# [WHAT THE TASK REQUIRES]
Below is a listing; restate from it, character for character, the lines beginning at the line holding "apply sqr_lt_iff in Hsq; [lra|]." and ending at the line holding "set (X := sqrt", both included.

# [DATA RECORDS]
(* Let $P,Q,R,S$ be the four vertices of a hinge (faces $PQS$ and $RQS$ sharing the diagonal $QS$), with radii $p,q,r,s>0$ at $P,Q,R,S$ and inversive distances $a,b,c,d,e>1$ on the edges $PQ,QR,RS,SP,QS$ respectively. Define the lengths $PQ=\sqrt{p^2+q^2+2apq}$, $QR=\sqrt{q^2+r^2+2bqr}$, $RS=\sqrt{r^2+s^2+2crs}$, $SP=\sqrt{s^2+p^2+2dsp}$, $QS=\sqrt{q^2+s^2+2eqs}$. Let $\Delta_{xyz}=x^2+y^2+z^2+2xyz-1$ and \[f=\frac{ab+cd+ace+bde+\sqrt{\Delta_{ade}}\sqrt{\Delta_{bce}}}{e^2-1}.\] Suppose \[\frac{\sqrt{\Delta_{bce}}}{p}+\frac{\sqrt{\Delta_{ade}}}{r}\le\frac{\sqrt{\Delta_{cdf}}}{q}+\frac{\sqrt{\Delta_{abf}}}{s}.\] If $QR<QS+SR$ and $SR<QS+QR$, then $PQ+PS>QS$. *)

From Stdlib Require Import Reals.
Open Scope R_scope.

Definition Dlt (x y z : R) : R := x^2 + y^2 + z^2 + 2*x*y*z - 1.

Definition edge_len (x y i : R) : R := sqrt (x^2 + y^2 + 2*i*x*y).

Definition fval (a b c d e : R) : R :=
  (a*b + c*d + a*c*e + b*d*e + sqrt (Dlt a d e) * sqrt (Dlt b c e)) / (e^2 - 1).

From Stdlib Require Import Reals Lra Psatz.
Open Scope R_scope.

(* Consider a triangle with vertex radii x, q, s, inversive distances a (x–q),
   d (x–s), e (q–s) and edge lengths A, B, W opposite s, q, x.  Then
   W^2 = A^2 + B^2 + 2 L and (e^2 - 1)(A^2 B^2 - L^2) = Δ_ade x^2 W^2 - T^2,
   where L = e q s - x^2 - a x q - d x s and T is affine in x.  Hence the
   triangle inequalities at the vertex x amount to |T| < √Δ_ade x W, and
   L >= 0 alone already forces T > -√Δ_ade x W.  The values of √Δ_cdf and
   √Δ_abf in closed form turn the hypothesis into
   √Δ_bce r T_P + √Δ_ade p T_R <= 0; the triangle inequalities at R give
   T_R > -√Δ_bce r W, hence T_P < √Δ_ade p W, i.e. QS < PQ + PS. *)

Lemma Dlt_pos x y z : 1 < x -> 1 < y -> 1 < z -> 0 < Dlt x y z.
Proof.
  intros; unfold Dlt.
  assert (0 < x*y) by nra.
  assert (0 < x*y*z) by nra.
  nra.
Qed.

Lemma Dlt_swap x y z : Dlt x y z = Dlt y x z.
Proof. unfold Dlt; ring. Qed.

Lemma edge_len_sym x y i : edge_len x y i = edge_len y x i.
Proof. unfold edge_len; f_equal; ring. Qed.

Lemma sqr_edge_len x y i : 0 < x -> 0 < y -> 0 < i ->
  edge_len x y i ^ 2 = x^2 + y^2 + 2*i*x*y.
Proof.
  intros; unfold edge_len; apply pow2_sqrt.
  assert (0 < i*x*y) by (apply Rmult_lt_0_compat; nra).
  nra.
Qed.

Lemma sqr_lt_iff (u v : R) : 0 <= v -> u^2 < v^2 <-> - v < u < v.
Proof. intros; split; [intros | intros []]; nra. Qed.

Lemma triangle_ineq_of_lt_mul (A B W L : R) : 0 <= A -> 0 <= B -> 0 <= W ->
  W^2 = A^2 + B^2 + 2*L -> L < A*B -> W < A + B.
Proof. intros; nra. Qed.

Lemma gt_neg_mul_of_triangle_ineq (A B W L : R) : 0 <= A -> 0 <= B -> 0 <= W ->
  W^2 = A^2 + B^2 + 2*L -> A < W + B -> B < W + A -> - (A*B) < L.
Proof. intros; nra. Qed.

Lemma pos_root_quadratic (m c : R) : 0 <= m -> 0 < c ->
  exists t0, 0 < t0 /\ t0^2 + m*t0 = c /\
             forall t, 0 <= t -> t^2 + m*t <= c -> t <= t0.
Proof.
  intros Hm Hc.
  set (sg := sqrt (m^2 + 4*c)).
  assert (Hsg : sg^2 = m^2 + 4*c) by (apply pow2_sqrt; nra).
  assert (0 <= sg) by apply sqrt_pos.
  exists ((sg - m)/2); repeat split.
  - nra.
  - field_simplify; rewrite Hsg; field.
  - intros t Ht Htc.
    destruct (Rle_or_lt t ((sg - m)/2)) as [|Hlt]; [assumption|].
    nra.
Qed.

(* L = -A B cos(angle at x). *)
Definition law_cos_term (x q s a d e : R) : R := e*q*s - x^2 - a*x*q - d*x*s.

Definition tri_form (x q s a d e : R) : R :=
  (e^2 - 1)*q*s - (a + d*e)*x*s - (d + a*e)*x*q.

Section VertexTriangle.

Variables q s a d e : R.
Hypotheses (hq : 0 < q) (hs : 0 < s) (ha : 1 < a) (hd : 1 < d) (he : 1 < e).

Local Notation A t := (edge_len t q a).
Local Notation B t := (edge_len t s d).
Local Notation W := (edge_len q s e).
Local Notation L t := (law_cos_term t q s a d e).
Local Notation T t := (tri_form t q s a d e).
Local Notation X := (sqrt (Dlt a d e)).

Let X_ge0 : 0 <= X. Proof. apply sqrt_pos. Qed.
Let W_ge0 : 0 <= W. Proof. apply sqrt_pos. Qed.
Let A_ge0 t : 0 <= A t. Proof. apply sqrt_pos. Qed.
Let B_ge0 t : 0 <= B t. Proof. apply sqrt_pos. Qed.

Lemma law_of_cosines t : 0 < t -> W^2 = A t ^2 + B t ^2 + 2 * L t.
Proof.
  intros; unfold law_cos_term.
  rewrite !sqr_edge_len; lra.
Qed.

Lemma gram_identity t : 0 < t ->
  (e^2 - 1) * ((A t * B t)^2 - L t ^2) = (X*t*W)^2 - T t ^2.
Proof.
  intros; rewrite !Rpow_mult_distr.
  unfold law_cos_term, tri_form.
  rewrite !sqr_edge_len, pow2_sqrt by (lra || (left; apply Dlt_pos; lra)).
  unfold Dlt; ring.
Qed.

Lemma sqr_law_cos_lt_iff t : 0 < t ->
  L t ^2 < (A t * B t)^2 <-> T t ^2 < (X*t*W)^2.
Proof.
  intros Ht; pose proof (gram_identity t Ht).
  assert (0 < e^2 - 1) by nra.
  split; intros; nra.
Qed.

(* T t + X t W is affine in t and positive both at t = 0 and at the positive
   root t0 of L, where A B > 0 = |L|; L t >= 0 confines t to [0, t0]. *)
Lemma tri_form_gt_of_law_cos_ge0 t : 0 < t -> 0 <= L t -> - (X*t*W) < T t.
Proof.
  intros Ht HL.
  assert (Hqs : 0 < q*s) by nra.
  destruct (pos_root_quadratic (a*q + d*s) (e*q*s)) as (t0 & Ht0 & Hroot & Hmax);
    [nra | nra |].
  assert (Htt0 : t <= t0).
  { apply Hmax; [lra|]. unfold law_cos_term in HL; nra. }
  assert (HLt0 : L t0 = 0) by (unfold law_cos_term; nra).
  assert (HT0 : - (X*t0*W) < T t0).
  { apply (sqr_lt_iff (T t0) (X*t0*W)).
    - apply Rmult_le_pos; [apply Rmult_le_pos|]; lra.
    - apply sqr_law_cos_lt_iff; [lra|]. rewrite HLt0.
      assert (0 < A t0 * B t0); [|nra].
      unfold edge_len; apply Rmult_lt_0_compat; apply sqrt_lt_R0;
        assert (0 < t0 * q) by nra; assert (0 < t0 * s) by nra; nra. }
  assert (0 < e^2 - 1) by nra.
  assert (0 < (e^2 - 1)*q*s) by (apply Rmult_lt_0_compat; nra).
  set (K := (a + d*e)*s + (d + a*e)*q - X*W).
  assert (Haff : forall u, T u + X*u*W = (e^2 - 1)*q*s - u*K)
    by (intros; unfold tri_form, K; ring).
  pose proof (Haff t); pose proof (Haff t0).
  clearbody K; destruct (Rle_or_lt K 0); nra.
Qed.

Lemma triangle_ineq_of_tri_form_lt t : 0 < t -> T t < X*t*W -> W < A t + B t.
Proof.
  intros Ht HT.
  apply (triangle_ineq_of_lt_mul _ _ _ (L t)); auto using law_of_cosines.
  destruct (Rlt_or_le (L t) 0) as [HL|HL].
  - pose proof (Rmult_le_pos _ _ (A_ge0 t) (B_ge0 t)); lra.
  - pose proof (tri_form_gt_of_law_cos_ge0 t Ht HL).
    assert (Hsq : L t ^2 < (A t * B t)^2).
    { apply sqr_law_cos_lt_iff; [lra|].
      apply sqr_lt_iff; [|lra].
      apply Rmult_le_pos; [apply Rmult_le_pos|]; lra. }
    pose proof (Rmult_le_pos _ _ (A_ge0 t) (B_ge0 t)); nra.
Qed.

Lemma tri_form_gt_of_triangle_ineq t : 0 < t ->
  A t < W + B t -> B t < W + A t -> - (X*t*W) < T t.
Proof.
  intros Ht HA HB.
  destruct (Rle_or_lt 0 (L t)) as [HL|HL].
  - exact (tri_form_gt_of_law_cos_ge0 t Ht HL).
  - pose proof (gt_neg_mul_of_triangle_ineq _ _ _ _ (A_ge0 t) (B_ge0 t) W_ge0
                  (law_of_cosines t Ht) HA HB).
    assert (Hsq : T t ^2 < (X*t*W)^2).
    { apply sqr_law_cos_lt_iff; [lra|].
      pose proof (Rmult_le_pos _ _ (A_ge0 t) (B_ge0 t)); nra. }
    apply sqr_lt_iff in Hsq; [lra|].
    apply Rmult_le_pos; [apply Rmult_le_pos|]; lra.
Qed.

End VertexTriangle.

Lemma fval_swap a b c d e : fval d c b a e = fval a b c d e.
Proof. unfold fval; rewrite (Dlt_swap d a), (Dlt_swap c b); f_equal; ring. Qed.

Lemma Dlt_fval a b c d e : 1 < a -> 1 < b -> 1 < c -> 1 < d -> 1 < e ->
  Dlt c d (fval a b c d e)
  = ((sqrt (Dlt b c e) * (a + d*e) + sqrt (Dlt a d e) * (b + c*e)) / (e^2 - 1))^2.
Proof.
  intros Ha Hb Hc Hd He.
  set (X := sqrt (Dlt a d e)); set (Y := sqrt (Dlt b c e)).
  assert (HX : X^2 = Dlt a d e) by (apply pow2_sqrt; left; apply Dlt_pos; lra).
  assert (HY : Y^2 = Dlt b c e) by (apply pow2_sqrt; left; apply Dlt_pos; lra).
  assert (Hk : 0 < e^2 - 1) by nra.
  assert (HF : fval a b c d e * (e^2 - 1) = a*b + c*d + a*c*e + b*d*e + X*Y)
    by (unfold fval; fold X Y; field; lra).
  assert (Hsq : Dlt c d (fval a b c d e) * (e^2 - 1)^2
                = (Y*(a + d*e) + X*(b + c*e))^2).
  { replace (Dlt c d (fval a b c d e) * (e^2 - 1)^2) with
      (c^2*(e^2 - 1)^2 + d^2*(e^2 - 1)^2 + (fval a b c d e * (e^2 - 1))^2
       + 2*c*d*(fval a b c d e * (e^2 - 1))*(e^2 - 1) - (e^2 - 1)^2)
      by (unfold Dlt; ring).
    rewrite HF.
    transitivity ((Y*(a + d*e) + X*(b + c*e))^2
                  + (X^2 - (a + d*e)^2) * (Y^2 - Dlt b c e)
                  + (Dlt b c e - (b + c*e)^2) * (X^2 - Dlt a d e)).
    - unfold Dlt; ring.
    - rewrite HX, HY; ring. }
  apply (Rmult_eq_reg_r ((e^2 - 1)^2)); [|apply pow_nonzero; lra].
  rewrite Hsq; field; lra.
Qed.

Lemma sqrt_Dlt_fval_cd a b c d e : 1 < a -> 1 < b -> 1 < c -> 1 < d -> 1 < e ->
  sqrt (Dlt c d (fval a b c d e))
  = (sqrt (Dlt b c e) * (a + d*e) + sqrt (Dlt a d e) * (b + c*e)) / (e^2 - 1).
Proof.
  intros; rewrite Dlt_fval by assumption; apply sqrt_pow2.
  apply Rle_mult_inv_pos; [|nra].
  apply Rplus_le_le_0_compat; apply Rmult_le_pos; try apply sqrt_pos; nra.
Qed.

Lemma sqrt_Dlt_fval_ab a b c d e : 1 < a -> 1 < b -> 1 < c -> 1 < d -> 1 < e ->
  sqrt (Dlt a b (fval a b c d e))
  = (sqrt (Dlt b c e) * (d + a*e) + sqrt (Dlt a d e) * (c + b*e)) / (e^2 - 1).
Proof.
  intros; rewrite <- fval_swap, (Dlt_swap a b), sqrt_Dlt_fval_cd by assumption.
  rewrite (Dlt_swap c b), (Dlt_swap d a); reflexivity.
Qed.

Lemma tri_form_combination_nonpos p q r s a b c d e X Y :
  0 < p -> 0 < q -> 0 < r -> 0 < s -> 1 < e ->
  Y / p + X / r <= (Y * (a + d*e) + X * (b + c*e)) / (e^2 - 1) / q
                   + (Y * (d + a*e) + X * (c + b*e)) / (e^2 - 1) / s ->
  Y * r * tri_form p q s a d e + X * p * tri_form r q s b c e <= 0.
Proof.
  intros Hp Hq Hr Hs He Hineq.
  assert (Hk : 0 < e^2 - 1) by nra.
  assert (Hpos : 0 < p*q*r*s*(e^2 - 1))
    by (repeat apply Rmult_lt_0_compat; lra).
  apply Rmult_le_compat_r with (r := p*q*r*s*(e^2 - 1)) in Hineq; [|lra].
  replace (Y * r * tri_form p q s a d e + X * p * tri_form r q s b c e)
    with ((Y / p + X / r) * (p*q*r*s*(e^2 - 1))
          - ((Y * (a + d*e) + X * (b + c*e)) / (e^2 - 1) / q
             + (Y * (d + a*e) + X * (c + b*e)) / (e^2 - 1) / s)
            * (p*q*r*s*(e^2 - 1)))
    by (unfold tri_form; field; lra).
  lra.
Qed.

Theorem lemma4p3 (p q r s a b c d e : R)
  (hp : 0 < p) (hq : 0 < q) (hr : 0 < r) (hs : 0 < s)
  (ha : 1 < a) (hb : 1 < b) (hc : 1 < c) (hd : 1 < d) (he : 1 < e)
  (hineq : sqrt (Dlt b c e) / p + sqrt (Dlt a d e) / r
           <= sqrt (Dlt c d (fval a b c d e)) / q
              + sqrt (Dlt a b (fval a b c d e)) / s)
  (hQR : edge_len q r b < edge_len q s e + edge_len r s c)
  (hSR : edge_len r s c < edge_len q s e + edge_len q r b) :
  edge_len p q a + edge_len s p d > edge_len q s e.
Proof.
  rewrite sqrt_Dlt_fval_cd, sqrt_Dlt_fval_ab in hineq by assumption.
  apply tri_form_combination_nonpos in hineq; [|assumption..].
  rewrite (edge_len_sym q r b) in hQR, hSR.
  pose proof (tri_form_gt_of_triangle_ineq q s b c e hq hs hb hc he r hr hQR hSR)
    as HR.
  rewrite (edge_len_sym s p d).
  apply Rlt_gt, (triangle_ineq_of_tri_form_lt q s a d e hq hs ha hd he p hp).
  assert (0 < sqrt (Dlt a d e) * p)
    by (apply Rmult_lt_0_compat; [apply sqrt_lt_R0, Dlt_pos|]; lra).
  assert (0 < sqrt (Dlt b c e) * r)
    by (apply Rmult_lt_0_compat; [apply sqrt_lt_R0, Dlt_pos|]; lra).
  apply (Rmult_lt_reg_l (sqrt (Dlt b c e) * r)); nra.
Qed.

# [YOUR RESPONSE]
    apply sqr_lt_iff in Hsq; [lra|].
    apply Rmult_le_pos; [apply Rmult_le_pos|]; lra.
Qed.

End VertexTriangle.

Lemma fval_swap a b c d e : fval d c b a e = fval a b c d e.
Proof. unfold fval; rewrite (Dlt_swap d a), (Dlt_swap c b); f_equal; ring. Qed.

Lemma Dlt_fval a b c d e : 1 < a -> 1 < b -> 1 < c -> 1 < d -> 1 < e ->
  Dlt c d (fval a b c d e)
  = ((sqrt (Dlt b c e) * (a + d*e) + sqrt (Dlt a d e) * (b + c*e)) / (e^2 - 1))^2.
Proof.
  intros Ha Hb Hc Hd He.
  set (X := sqrt (Dlt a d e)); set (Y := sqrt (Dlt b c e)).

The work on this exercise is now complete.